— Problem to work on —
From the line with "Lemma filterlim_Rmult (f" through the line with "Lemma filterlim_eventually_lt (f", repeat the entries verbatim, both end lines included, and add nothing.
__________________________________________________
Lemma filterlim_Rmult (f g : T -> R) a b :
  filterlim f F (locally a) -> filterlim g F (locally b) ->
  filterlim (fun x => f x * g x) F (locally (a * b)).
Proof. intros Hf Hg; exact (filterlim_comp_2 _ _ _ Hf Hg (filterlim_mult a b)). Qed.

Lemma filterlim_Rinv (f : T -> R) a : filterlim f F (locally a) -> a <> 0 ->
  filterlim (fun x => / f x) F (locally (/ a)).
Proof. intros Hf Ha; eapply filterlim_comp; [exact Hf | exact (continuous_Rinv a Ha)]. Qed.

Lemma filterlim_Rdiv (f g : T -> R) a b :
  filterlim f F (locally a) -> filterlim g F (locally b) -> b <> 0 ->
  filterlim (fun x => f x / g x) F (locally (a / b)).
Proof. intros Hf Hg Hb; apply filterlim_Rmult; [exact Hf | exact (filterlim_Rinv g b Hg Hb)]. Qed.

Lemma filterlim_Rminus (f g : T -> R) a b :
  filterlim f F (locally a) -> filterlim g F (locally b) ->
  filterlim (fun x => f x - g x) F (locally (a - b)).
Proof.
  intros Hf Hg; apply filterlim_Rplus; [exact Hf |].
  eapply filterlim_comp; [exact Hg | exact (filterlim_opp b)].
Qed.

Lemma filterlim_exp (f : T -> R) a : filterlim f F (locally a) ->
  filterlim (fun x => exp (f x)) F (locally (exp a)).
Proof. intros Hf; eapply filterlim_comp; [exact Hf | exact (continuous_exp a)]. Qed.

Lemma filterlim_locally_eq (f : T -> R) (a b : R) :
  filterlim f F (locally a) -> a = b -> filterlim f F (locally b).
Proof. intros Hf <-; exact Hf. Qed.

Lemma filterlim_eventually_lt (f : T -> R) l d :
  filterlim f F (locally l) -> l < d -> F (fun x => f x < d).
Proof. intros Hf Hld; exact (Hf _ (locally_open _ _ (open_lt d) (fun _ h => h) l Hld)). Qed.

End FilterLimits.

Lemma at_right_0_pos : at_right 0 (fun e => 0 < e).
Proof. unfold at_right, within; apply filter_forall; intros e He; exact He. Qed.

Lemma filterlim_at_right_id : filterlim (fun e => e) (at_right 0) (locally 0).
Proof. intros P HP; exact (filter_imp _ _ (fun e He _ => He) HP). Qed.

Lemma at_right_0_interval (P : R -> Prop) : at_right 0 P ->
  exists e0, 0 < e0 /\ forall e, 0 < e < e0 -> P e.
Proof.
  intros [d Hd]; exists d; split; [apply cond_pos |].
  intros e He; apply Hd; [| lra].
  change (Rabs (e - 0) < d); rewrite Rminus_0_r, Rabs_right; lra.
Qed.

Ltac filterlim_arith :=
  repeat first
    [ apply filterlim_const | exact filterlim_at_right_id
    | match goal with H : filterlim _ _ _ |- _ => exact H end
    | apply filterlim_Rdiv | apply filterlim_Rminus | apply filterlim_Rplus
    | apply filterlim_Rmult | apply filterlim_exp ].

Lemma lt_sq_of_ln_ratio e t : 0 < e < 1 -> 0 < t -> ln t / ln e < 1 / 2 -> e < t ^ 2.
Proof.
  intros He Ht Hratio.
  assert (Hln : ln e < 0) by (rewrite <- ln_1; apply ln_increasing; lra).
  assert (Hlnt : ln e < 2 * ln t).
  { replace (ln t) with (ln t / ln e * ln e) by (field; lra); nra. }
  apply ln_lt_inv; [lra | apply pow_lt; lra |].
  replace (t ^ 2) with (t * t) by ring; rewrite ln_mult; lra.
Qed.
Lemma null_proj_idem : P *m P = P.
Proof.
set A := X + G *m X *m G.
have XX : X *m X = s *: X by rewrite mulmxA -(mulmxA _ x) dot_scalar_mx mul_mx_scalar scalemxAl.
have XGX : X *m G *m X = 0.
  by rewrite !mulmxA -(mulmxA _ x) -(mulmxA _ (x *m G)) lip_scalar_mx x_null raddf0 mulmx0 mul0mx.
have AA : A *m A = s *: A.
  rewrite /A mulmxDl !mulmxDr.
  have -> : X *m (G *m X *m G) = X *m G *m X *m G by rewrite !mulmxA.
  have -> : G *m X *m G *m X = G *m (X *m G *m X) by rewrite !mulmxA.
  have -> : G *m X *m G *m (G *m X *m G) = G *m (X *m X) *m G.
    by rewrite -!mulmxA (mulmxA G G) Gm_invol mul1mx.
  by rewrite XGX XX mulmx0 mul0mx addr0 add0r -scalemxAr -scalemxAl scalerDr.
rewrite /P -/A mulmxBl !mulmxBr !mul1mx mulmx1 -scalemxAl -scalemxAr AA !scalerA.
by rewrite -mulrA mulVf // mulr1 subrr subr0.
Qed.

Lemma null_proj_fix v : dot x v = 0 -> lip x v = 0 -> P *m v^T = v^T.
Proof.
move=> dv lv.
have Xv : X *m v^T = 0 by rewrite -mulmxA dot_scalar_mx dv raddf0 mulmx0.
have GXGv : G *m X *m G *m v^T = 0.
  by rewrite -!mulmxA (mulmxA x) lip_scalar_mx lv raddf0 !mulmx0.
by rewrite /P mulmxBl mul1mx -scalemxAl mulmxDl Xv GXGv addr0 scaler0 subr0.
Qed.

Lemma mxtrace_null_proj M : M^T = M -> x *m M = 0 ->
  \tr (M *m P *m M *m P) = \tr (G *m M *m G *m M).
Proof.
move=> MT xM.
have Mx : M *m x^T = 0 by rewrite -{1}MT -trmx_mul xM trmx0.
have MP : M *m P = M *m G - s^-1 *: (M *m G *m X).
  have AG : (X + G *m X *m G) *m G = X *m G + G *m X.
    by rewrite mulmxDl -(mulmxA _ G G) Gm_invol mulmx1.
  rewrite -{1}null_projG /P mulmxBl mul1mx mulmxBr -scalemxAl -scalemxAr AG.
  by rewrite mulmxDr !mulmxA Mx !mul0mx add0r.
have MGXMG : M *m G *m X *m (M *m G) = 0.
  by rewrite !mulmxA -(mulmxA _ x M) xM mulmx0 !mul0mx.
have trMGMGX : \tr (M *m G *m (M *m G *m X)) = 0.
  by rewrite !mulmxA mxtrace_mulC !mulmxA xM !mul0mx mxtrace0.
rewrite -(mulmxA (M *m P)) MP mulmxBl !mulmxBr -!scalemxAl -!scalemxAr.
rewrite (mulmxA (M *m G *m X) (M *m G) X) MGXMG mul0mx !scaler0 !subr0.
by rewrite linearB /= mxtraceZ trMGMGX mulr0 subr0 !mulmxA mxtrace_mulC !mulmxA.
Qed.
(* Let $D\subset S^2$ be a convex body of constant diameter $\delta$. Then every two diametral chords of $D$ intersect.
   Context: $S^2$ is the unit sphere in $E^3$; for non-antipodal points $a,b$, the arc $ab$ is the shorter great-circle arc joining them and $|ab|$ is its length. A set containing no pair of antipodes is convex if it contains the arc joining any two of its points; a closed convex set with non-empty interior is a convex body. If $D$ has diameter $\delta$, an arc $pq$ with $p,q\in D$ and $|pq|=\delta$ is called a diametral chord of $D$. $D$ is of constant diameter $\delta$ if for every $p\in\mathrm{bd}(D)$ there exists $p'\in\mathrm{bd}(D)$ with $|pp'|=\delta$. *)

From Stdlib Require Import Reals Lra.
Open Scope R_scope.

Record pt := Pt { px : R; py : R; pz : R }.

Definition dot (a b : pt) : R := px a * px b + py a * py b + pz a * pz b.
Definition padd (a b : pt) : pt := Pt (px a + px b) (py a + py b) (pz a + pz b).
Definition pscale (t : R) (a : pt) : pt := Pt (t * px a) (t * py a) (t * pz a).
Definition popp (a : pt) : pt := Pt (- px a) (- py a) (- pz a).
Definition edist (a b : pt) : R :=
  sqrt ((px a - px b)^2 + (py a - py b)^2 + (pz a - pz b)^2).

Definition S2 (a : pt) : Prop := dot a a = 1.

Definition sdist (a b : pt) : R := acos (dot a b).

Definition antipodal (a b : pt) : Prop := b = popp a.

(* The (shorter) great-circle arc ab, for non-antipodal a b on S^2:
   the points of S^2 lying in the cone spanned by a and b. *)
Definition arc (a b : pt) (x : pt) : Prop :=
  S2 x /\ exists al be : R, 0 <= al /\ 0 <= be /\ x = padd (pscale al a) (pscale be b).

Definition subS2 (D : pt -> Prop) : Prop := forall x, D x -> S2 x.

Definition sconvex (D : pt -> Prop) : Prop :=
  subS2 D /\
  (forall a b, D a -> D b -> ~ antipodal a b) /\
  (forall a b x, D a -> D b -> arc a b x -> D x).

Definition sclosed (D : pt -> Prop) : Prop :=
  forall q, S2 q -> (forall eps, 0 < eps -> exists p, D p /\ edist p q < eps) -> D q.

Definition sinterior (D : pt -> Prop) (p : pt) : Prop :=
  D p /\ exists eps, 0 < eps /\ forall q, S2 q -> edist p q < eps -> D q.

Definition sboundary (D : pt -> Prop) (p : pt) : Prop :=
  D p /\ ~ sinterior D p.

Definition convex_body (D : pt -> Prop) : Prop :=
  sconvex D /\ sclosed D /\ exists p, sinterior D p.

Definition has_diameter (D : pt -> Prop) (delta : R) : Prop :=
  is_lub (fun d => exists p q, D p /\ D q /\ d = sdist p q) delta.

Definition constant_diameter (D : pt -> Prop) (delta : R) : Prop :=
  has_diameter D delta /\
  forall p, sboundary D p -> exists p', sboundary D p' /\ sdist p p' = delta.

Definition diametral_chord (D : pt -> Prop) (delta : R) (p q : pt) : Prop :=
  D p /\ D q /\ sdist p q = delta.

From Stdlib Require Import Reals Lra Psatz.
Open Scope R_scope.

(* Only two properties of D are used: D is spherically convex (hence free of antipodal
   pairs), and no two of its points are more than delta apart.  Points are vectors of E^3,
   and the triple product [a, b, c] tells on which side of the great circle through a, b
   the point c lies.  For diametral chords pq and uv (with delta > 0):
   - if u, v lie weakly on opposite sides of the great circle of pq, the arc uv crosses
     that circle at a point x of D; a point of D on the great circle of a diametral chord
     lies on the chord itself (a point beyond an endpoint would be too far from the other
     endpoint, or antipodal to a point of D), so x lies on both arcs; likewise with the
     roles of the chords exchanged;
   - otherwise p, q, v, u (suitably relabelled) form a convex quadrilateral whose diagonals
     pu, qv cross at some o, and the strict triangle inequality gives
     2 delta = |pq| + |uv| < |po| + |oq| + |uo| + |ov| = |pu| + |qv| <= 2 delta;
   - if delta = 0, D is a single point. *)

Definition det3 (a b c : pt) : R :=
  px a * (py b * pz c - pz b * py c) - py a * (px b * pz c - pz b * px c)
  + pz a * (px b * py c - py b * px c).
__________________________________________________
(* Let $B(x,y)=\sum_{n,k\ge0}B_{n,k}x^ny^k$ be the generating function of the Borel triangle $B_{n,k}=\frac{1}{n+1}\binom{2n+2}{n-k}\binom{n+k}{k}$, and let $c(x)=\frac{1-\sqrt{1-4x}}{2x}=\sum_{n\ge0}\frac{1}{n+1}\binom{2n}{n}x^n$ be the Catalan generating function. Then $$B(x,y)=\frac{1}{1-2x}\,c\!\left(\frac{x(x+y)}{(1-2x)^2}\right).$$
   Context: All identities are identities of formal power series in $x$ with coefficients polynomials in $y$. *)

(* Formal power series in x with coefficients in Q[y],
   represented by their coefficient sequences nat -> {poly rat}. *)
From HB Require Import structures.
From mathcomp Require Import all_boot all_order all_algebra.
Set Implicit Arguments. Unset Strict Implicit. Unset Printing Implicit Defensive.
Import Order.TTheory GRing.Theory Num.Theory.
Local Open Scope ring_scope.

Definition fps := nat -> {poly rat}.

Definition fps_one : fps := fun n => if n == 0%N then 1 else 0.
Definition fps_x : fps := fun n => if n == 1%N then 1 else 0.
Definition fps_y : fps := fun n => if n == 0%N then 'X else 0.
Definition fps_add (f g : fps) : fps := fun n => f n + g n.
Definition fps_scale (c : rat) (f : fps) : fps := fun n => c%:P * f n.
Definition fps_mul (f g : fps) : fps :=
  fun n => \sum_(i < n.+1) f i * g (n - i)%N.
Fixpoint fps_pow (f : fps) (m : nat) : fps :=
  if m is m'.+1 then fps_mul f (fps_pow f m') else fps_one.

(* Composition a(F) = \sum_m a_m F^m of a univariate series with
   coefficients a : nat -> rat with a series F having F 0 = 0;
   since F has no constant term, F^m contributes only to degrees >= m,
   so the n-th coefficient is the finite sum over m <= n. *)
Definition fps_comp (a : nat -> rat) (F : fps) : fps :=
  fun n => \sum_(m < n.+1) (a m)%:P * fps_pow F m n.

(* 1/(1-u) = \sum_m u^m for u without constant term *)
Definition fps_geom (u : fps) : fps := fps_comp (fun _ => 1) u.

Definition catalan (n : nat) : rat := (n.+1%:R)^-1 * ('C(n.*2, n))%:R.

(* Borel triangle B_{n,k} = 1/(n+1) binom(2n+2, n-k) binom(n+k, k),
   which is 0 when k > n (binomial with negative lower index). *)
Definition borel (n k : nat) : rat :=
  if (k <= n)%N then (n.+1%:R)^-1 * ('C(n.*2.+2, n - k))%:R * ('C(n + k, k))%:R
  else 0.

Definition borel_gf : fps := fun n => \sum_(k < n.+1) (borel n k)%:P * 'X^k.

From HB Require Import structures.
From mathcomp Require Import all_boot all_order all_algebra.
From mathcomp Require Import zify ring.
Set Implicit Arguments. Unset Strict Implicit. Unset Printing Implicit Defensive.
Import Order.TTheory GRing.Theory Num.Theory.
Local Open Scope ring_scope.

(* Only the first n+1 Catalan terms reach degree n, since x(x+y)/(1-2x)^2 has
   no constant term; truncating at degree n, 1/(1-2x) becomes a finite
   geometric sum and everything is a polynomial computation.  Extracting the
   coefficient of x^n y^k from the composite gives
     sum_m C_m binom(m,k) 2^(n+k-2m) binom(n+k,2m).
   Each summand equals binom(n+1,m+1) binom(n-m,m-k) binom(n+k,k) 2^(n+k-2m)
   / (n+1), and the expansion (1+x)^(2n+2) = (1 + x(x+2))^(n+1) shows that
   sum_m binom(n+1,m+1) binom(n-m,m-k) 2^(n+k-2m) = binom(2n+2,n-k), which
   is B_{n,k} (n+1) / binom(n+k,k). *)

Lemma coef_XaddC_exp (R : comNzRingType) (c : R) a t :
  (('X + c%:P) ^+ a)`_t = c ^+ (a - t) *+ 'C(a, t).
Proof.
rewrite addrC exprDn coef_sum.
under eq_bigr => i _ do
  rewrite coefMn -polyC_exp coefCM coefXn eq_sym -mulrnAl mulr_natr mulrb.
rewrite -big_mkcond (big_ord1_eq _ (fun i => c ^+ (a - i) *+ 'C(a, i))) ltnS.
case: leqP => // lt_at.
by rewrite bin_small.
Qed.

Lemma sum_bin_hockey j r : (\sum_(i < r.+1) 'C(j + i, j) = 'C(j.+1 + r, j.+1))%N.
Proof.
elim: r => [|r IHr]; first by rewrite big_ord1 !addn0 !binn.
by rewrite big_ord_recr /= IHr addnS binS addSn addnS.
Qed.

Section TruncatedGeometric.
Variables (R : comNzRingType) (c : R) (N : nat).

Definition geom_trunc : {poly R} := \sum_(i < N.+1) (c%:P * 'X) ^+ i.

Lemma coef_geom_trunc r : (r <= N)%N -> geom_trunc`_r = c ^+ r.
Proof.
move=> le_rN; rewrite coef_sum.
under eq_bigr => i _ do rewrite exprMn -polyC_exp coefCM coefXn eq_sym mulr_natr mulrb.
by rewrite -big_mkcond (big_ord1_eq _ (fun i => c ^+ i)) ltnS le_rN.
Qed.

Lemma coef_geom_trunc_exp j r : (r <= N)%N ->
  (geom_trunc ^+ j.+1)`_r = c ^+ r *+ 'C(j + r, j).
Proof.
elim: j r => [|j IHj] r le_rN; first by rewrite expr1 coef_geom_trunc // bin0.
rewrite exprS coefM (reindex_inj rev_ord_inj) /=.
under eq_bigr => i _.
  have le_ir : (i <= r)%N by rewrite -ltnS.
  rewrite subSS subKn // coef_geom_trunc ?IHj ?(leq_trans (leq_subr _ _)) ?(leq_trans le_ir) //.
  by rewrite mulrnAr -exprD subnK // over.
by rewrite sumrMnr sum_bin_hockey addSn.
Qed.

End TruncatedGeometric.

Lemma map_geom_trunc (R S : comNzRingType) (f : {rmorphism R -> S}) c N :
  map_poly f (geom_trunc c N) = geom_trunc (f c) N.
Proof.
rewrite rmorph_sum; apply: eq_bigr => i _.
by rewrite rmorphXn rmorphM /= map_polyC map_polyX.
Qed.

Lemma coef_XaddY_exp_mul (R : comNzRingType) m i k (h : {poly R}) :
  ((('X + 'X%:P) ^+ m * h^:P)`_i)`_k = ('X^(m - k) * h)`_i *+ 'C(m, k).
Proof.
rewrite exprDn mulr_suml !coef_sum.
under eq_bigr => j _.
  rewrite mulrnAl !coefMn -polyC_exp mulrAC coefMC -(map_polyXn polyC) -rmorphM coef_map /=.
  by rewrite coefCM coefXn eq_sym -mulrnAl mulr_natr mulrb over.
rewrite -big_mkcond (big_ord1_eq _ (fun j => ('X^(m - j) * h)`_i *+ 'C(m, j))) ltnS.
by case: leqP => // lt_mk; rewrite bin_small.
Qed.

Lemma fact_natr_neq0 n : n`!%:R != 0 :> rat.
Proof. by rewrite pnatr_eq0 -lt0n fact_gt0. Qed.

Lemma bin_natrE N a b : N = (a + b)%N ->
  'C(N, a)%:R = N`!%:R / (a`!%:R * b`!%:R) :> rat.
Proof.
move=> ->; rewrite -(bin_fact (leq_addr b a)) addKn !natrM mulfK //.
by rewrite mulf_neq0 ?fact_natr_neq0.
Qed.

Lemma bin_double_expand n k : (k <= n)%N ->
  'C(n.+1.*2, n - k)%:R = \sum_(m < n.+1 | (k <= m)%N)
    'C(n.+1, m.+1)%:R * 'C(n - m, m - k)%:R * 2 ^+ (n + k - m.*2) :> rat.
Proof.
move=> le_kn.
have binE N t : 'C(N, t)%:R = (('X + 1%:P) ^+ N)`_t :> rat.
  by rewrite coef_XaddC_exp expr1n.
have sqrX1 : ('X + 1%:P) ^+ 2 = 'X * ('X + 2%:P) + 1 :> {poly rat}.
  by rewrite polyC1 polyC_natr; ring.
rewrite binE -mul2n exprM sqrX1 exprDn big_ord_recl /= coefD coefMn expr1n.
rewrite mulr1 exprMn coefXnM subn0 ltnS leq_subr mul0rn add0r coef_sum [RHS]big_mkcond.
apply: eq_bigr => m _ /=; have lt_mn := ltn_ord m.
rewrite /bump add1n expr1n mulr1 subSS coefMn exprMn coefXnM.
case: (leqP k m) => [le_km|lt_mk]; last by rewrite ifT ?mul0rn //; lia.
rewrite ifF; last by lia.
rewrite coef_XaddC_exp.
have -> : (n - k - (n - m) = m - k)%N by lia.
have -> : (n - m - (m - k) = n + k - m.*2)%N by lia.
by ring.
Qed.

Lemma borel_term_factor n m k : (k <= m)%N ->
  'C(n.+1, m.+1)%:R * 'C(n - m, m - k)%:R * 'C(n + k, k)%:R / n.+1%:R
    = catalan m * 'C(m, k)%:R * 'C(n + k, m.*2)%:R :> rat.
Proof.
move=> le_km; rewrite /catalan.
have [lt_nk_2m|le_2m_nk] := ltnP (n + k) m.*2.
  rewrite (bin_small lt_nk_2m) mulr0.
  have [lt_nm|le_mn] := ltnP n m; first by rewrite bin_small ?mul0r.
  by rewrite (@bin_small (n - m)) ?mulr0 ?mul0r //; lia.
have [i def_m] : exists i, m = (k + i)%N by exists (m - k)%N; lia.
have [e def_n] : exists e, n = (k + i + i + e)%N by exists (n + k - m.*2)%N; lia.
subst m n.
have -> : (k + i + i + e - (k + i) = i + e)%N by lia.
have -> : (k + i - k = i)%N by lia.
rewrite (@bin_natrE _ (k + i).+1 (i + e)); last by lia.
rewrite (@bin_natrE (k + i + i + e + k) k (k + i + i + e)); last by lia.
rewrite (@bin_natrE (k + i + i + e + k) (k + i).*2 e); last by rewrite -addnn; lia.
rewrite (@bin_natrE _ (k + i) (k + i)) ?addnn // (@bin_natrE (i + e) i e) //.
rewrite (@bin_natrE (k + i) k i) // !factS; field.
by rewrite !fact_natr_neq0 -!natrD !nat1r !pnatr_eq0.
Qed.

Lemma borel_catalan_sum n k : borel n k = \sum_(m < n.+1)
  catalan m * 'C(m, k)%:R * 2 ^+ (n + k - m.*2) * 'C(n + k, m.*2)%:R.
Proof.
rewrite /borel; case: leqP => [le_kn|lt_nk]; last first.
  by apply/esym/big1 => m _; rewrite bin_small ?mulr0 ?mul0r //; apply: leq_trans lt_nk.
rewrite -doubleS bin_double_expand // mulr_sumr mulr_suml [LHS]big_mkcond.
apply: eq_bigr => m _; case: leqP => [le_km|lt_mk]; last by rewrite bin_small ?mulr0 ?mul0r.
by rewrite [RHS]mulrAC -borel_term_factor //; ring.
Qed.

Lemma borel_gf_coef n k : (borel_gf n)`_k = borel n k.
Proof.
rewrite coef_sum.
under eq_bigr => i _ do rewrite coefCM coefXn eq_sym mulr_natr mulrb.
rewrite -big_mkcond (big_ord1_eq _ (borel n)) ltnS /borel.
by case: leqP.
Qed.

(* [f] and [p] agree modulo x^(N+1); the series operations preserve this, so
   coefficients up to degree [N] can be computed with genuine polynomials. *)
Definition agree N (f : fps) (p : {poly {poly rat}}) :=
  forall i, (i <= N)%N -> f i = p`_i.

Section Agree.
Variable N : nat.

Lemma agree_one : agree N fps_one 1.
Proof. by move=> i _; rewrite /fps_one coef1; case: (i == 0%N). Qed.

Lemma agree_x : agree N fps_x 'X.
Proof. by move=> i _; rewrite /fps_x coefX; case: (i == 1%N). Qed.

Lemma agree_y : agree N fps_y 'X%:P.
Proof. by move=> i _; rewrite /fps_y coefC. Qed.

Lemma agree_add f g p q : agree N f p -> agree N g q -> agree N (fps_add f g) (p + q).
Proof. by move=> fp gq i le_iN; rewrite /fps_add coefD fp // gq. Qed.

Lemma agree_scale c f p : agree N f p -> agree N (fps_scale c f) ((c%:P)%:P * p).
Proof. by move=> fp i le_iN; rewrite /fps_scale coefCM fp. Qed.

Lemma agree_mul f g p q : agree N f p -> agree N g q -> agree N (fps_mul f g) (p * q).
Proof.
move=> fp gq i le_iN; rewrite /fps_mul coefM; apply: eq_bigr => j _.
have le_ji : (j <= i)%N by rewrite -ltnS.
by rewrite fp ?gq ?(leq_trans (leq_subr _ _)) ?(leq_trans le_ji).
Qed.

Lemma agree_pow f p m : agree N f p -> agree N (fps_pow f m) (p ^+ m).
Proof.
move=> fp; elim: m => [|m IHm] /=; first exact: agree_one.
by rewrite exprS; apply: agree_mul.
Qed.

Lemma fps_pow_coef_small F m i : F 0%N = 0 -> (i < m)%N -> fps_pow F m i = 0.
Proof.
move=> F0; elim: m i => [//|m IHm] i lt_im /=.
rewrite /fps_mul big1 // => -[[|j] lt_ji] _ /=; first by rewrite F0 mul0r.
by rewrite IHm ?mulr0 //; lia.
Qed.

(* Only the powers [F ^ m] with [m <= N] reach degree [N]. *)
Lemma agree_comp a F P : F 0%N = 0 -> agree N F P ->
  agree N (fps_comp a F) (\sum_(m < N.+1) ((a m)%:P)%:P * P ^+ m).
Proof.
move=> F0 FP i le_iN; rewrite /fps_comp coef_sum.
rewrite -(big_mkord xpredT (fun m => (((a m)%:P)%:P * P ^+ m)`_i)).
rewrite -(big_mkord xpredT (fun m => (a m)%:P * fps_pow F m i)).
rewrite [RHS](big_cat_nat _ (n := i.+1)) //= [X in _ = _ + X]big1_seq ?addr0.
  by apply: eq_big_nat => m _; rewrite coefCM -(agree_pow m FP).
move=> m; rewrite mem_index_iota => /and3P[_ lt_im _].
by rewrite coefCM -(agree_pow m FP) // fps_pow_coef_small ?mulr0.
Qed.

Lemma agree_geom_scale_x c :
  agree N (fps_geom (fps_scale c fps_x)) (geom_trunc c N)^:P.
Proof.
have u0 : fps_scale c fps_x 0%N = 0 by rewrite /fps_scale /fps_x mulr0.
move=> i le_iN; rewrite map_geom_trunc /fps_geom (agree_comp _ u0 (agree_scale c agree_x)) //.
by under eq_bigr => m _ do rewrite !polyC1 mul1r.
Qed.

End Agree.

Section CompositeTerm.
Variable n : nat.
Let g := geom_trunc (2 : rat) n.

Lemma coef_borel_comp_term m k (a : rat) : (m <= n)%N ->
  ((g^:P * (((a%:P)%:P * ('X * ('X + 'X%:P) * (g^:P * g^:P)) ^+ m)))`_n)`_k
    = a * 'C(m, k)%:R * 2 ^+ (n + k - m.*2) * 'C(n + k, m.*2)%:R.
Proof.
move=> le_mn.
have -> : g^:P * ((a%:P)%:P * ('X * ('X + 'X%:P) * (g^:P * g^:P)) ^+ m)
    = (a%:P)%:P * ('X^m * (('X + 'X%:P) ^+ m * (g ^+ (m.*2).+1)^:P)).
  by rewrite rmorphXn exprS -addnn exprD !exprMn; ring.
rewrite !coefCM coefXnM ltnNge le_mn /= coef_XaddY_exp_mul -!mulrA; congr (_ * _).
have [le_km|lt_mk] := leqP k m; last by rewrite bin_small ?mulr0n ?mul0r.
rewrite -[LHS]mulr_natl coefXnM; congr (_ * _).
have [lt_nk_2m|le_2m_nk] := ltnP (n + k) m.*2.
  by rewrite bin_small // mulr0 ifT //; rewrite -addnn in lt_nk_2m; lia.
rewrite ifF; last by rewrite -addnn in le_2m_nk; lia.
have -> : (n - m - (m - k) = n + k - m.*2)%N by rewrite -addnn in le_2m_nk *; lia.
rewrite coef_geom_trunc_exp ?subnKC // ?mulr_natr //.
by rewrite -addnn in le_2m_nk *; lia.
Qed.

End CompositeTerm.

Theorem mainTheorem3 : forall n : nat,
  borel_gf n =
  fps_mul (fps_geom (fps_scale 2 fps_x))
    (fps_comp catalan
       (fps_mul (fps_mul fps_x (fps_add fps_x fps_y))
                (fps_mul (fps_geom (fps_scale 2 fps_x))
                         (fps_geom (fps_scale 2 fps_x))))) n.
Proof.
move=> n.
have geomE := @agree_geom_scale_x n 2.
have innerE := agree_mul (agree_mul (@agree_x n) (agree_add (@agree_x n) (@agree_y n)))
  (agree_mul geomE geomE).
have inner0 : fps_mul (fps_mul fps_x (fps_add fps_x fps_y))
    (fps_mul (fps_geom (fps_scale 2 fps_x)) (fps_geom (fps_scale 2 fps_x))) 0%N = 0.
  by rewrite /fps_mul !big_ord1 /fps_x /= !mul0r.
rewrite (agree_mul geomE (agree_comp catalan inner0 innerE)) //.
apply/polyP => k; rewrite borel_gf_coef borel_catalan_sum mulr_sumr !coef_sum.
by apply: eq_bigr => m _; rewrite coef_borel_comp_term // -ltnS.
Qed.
__________________________________________________
— Task answer —
Lemma filterlim_Rmult (f g : T -> R) a b :
  filterlim f F (locally a) -> filterlim g F (locally b) ->
  filterlim (fun x => f x * g x) F (locally (a * b)).
Proof. intros Hf Hg; exact (filterlim_comp_2 _ _ _ Hf Hg (filterlim_mult a b)). Qed.

Lemma filterlim_Rinv (f : T -> R) a : filterlim f F (locally a) -> a <> 0 ->
  filterlim (fun x => / f x) F (locally (/ a)).
Proof. intros Hf Ha; eapply filterlim_comp; [exact Hf | exact (continuous_Rinv a Ha)]. Qed.

Lemma filterlim_Rdiv (f g : T -> R) a b :
  filterlim f F (locally a) -> filterlim g F (locally b) -> b <> 0 ->
  filterlim (fun x => f x / g x) F (locally (a / b)).
Proof. intros Hf Hg Hb; apply filterlim_Rmult; [exact Hf | exact (filterlim_Rinv g b Hg Hb)]. Qed.

Lemma filterlim_Rminus (f g : T -> R) a b :
  filterlim f F (locally a) -> filterlim g F (locally b) ->
  filterlim (fun x => f x - g x) F (locally (a - b)).
Proof.
  intros Hf Hg; apply filterlim_Rplus; [exact Hf |].
  eapply filterlim_comp; [exact Hg | exact (filterlim_opp b)].
Qed.

Lemma filterlim_exp (f : T -> R) a : filterlim f F (locally a) ->
  filterlim (fun x => exp (f x)) F (locally (exp a)).
Proof. intros Hf; eapply filterlim_comp; [exact Hf | exact (continuous_exp a)]. Qed.

Lemma filterlim_locally_eq (f : T -> R) (a b : R) :
  filterlim f F (locally a) -> a = b -> filterlim f F (locally b).
Proof. intros Hf <-; exact Hf. Qed.

Lemma filterlim_eventually_lt (f : T -> R) l d :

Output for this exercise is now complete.